Your result should be every line of the records below that contains the word "series".

→ **Stored items**:
========================================
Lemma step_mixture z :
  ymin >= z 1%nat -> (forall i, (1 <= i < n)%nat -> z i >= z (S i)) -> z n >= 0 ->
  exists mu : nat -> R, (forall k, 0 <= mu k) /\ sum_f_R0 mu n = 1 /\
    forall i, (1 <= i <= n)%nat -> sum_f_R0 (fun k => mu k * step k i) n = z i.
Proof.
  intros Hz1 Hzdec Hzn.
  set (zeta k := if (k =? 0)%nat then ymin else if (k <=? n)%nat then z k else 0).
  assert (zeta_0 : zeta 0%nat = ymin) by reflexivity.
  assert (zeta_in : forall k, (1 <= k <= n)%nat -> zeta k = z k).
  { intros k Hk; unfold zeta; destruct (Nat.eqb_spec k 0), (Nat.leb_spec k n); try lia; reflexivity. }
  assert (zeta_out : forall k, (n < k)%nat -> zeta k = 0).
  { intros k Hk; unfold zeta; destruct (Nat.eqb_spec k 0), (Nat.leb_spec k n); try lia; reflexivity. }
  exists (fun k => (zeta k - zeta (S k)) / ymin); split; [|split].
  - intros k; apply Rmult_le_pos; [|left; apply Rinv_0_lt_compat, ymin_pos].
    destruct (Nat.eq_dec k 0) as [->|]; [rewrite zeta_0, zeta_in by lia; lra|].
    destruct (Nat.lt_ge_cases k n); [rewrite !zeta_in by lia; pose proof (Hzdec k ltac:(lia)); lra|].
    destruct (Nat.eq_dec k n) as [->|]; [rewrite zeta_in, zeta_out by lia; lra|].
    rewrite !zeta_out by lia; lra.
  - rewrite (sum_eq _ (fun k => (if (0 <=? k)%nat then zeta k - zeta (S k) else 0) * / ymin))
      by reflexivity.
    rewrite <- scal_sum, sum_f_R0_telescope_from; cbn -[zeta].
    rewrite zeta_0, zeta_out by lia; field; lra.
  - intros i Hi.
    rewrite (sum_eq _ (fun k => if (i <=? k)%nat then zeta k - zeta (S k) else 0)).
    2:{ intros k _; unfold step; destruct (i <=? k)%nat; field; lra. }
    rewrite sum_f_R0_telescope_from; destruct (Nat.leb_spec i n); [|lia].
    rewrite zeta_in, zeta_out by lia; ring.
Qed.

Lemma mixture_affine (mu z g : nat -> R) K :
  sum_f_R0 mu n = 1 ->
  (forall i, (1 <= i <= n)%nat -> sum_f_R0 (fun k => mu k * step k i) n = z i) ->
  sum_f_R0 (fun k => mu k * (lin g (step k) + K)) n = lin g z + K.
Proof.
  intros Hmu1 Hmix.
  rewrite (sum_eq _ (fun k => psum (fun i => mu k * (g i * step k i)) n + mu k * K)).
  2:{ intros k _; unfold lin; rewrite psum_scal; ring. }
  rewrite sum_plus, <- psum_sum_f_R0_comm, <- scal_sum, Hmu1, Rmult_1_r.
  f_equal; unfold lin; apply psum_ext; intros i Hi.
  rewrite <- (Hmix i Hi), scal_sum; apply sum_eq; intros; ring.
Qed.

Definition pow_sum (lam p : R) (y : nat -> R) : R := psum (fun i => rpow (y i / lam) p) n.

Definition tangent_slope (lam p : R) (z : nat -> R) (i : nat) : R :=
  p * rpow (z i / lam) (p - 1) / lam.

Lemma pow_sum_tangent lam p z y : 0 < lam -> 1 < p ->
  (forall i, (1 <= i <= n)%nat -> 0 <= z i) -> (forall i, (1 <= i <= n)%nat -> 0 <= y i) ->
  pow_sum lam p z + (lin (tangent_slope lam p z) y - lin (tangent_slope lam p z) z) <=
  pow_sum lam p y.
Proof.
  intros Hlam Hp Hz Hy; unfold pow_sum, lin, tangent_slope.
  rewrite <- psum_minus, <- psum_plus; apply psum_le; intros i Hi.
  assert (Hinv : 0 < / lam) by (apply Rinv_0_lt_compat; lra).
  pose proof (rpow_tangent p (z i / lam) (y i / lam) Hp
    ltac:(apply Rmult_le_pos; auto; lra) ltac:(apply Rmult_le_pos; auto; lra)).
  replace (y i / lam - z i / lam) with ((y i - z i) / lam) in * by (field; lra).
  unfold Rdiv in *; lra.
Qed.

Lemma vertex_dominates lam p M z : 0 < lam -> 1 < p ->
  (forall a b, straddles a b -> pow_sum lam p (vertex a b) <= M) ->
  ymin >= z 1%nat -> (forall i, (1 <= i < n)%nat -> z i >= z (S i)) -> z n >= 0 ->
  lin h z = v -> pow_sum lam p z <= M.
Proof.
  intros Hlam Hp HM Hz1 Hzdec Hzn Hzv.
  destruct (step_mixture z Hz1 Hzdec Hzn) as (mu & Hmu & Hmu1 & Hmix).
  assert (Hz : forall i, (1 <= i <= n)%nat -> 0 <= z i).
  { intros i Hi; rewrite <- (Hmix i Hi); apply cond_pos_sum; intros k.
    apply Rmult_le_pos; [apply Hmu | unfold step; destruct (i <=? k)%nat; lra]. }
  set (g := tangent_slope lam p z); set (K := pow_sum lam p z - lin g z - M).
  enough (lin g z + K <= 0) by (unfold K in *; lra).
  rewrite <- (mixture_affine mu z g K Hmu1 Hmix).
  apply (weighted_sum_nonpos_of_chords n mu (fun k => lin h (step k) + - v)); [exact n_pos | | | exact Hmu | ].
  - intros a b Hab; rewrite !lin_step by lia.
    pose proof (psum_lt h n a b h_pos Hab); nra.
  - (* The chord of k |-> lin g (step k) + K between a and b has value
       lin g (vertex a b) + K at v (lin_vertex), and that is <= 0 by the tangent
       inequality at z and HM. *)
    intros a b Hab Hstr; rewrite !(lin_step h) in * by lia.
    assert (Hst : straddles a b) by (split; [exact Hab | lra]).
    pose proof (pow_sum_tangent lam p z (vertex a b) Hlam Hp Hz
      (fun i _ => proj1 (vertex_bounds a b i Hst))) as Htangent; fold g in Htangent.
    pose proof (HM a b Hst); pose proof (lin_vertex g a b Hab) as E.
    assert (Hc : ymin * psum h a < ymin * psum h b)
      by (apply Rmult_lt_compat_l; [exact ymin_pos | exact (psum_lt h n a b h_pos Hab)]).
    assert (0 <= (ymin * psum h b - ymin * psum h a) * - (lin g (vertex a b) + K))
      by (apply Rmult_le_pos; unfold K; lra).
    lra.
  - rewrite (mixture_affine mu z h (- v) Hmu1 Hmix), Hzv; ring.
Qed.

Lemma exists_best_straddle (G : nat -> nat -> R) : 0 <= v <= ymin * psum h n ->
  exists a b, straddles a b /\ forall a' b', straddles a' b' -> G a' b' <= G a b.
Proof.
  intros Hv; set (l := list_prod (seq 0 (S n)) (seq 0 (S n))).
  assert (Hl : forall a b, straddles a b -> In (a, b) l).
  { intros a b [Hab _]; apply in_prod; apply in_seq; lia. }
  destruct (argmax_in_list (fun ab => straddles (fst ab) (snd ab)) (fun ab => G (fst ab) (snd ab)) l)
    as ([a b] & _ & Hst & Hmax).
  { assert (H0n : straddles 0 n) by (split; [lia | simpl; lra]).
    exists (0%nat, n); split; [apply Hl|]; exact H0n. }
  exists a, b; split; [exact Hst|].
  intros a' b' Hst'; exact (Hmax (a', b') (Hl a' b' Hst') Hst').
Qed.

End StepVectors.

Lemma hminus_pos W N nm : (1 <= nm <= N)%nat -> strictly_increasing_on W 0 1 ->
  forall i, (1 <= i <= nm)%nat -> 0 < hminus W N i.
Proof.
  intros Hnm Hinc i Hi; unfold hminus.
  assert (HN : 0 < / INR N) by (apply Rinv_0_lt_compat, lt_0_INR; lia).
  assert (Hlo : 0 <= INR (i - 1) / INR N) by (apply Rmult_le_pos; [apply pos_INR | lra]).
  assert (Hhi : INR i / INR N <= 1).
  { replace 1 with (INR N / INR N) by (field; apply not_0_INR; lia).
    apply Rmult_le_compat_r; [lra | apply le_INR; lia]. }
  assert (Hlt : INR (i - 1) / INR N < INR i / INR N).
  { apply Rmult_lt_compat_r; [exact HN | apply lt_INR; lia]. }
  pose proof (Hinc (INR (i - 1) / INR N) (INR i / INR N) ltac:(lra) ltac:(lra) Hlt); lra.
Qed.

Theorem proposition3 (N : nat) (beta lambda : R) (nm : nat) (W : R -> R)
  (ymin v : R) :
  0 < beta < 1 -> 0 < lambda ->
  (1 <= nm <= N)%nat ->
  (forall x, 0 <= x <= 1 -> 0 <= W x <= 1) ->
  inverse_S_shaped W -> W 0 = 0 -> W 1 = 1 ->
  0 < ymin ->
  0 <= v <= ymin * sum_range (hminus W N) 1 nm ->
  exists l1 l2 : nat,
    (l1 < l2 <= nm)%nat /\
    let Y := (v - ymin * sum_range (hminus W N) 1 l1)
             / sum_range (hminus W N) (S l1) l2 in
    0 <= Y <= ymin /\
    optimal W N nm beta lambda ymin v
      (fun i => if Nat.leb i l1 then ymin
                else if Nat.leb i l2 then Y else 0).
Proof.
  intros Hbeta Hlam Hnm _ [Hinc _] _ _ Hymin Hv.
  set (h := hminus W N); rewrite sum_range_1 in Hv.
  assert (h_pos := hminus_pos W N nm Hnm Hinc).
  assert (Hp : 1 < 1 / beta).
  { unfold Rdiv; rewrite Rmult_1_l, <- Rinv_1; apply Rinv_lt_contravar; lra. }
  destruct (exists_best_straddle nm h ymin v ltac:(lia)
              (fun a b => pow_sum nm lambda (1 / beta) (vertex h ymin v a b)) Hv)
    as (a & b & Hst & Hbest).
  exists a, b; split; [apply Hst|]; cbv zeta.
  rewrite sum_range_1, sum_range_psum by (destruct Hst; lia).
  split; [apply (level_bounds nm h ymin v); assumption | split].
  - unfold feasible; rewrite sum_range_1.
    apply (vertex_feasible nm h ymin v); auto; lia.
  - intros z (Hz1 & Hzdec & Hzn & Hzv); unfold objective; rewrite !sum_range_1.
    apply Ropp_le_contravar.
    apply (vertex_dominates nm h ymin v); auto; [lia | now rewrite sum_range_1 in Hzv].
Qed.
========================================
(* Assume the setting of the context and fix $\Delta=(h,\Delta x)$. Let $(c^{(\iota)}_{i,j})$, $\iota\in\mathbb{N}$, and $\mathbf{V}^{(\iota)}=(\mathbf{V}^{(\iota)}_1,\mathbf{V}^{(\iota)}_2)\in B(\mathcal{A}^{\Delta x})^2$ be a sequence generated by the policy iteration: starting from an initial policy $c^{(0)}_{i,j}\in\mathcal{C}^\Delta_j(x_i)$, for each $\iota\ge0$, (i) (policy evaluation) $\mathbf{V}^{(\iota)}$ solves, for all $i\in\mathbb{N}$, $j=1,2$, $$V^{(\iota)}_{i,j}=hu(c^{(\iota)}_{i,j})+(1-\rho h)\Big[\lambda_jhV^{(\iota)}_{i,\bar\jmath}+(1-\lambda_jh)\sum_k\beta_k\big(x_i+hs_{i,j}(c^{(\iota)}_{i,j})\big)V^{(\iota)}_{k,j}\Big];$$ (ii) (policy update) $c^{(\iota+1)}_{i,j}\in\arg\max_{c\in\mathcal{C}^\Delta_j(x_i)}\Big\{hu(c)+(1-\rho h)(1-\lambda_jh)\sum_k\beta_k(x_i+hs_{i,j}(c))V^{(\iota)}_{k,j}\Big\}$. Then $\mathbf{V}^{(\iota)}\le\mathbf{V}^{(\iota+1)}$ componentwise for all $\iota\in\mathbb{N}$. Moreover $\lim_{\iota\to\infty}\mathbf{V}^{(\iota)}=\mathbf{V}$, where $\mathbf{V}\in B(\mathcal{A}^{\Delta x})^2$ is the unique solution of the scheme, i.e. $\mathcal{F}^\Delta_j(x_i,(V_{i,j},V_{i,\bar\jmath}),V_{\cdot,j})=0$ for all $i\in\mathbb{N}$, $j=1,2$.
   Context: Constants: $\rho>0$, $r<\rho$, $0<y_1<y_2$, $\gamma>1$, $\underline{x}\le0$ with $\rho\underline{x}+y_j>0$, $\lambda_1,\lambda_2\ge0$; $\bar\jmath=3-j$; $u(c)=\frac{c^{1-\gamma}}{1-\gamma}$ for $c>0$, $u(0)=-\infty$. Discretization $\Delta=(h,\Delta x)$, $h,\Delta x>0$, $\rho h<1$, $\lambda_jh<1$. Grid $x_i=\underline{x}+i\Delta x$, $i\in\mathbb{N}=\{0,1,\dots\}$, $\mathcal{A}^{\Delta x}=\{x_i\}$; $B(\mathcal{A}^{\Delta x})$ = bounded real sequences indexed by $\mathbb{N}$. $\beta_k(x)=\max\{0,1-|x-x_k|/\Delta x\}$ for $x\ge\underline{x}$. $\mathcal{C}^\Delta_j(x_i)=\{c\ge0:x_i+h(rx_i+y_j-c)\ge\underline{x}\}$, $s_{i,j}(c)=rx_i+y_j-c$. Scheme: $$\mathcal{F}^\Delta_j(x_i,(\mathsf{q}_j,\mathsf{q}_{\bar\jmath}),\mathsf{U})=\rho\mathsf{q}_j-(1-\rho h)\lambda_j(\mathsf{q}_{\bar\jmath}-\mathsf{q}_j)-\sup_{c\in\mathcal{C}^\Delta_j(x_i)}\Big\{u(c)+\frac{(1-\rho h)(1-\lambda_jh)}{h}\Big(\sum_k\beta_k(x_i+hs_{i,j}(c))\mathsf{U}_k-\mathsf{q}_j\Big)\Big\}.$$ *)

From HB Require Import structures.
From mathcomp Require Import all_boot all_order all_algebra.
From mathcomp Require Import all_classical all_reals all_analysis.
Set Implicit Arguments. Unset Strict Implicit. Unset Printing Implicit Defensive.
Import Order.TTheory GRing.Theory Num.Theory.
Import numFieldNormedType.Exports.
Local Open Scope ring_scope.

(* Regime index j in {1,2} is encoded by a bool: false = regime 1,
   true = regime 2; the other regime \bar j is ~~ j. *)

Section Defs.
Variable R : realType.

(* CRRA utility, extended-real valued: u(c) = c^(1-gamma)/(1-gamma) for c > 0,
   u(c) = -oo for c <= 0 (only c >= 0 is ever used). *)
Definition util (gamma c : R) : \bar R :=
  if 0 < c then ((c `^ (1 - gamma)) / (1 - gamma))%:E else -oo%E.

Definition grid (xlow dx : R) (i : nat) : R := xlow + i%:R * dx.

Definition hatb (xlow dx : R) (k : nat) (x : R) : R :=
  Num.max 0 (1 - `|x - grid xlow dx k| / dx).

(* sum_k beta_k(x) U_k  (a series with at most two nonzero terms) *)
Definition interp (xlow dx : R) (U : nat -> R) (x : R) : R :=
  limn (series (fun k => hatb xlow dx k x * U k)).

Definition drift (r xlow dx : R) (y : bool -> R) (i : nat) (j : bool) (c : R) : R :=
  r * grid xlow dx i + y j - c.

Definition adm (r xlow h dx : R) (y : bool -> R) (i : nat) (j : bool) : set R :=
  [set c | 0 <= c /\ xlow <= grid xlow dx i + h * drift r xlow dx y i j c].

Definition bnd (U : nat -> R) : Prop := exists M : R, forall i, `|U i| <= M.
========================================
→ **OUTPUT OF THE EXERCISE**:
(* sum_k beta_k(x) U_k  (a series with at most two nonzero terms) *)
  limn (series (fun k => hatb xlow dx k x * U k)).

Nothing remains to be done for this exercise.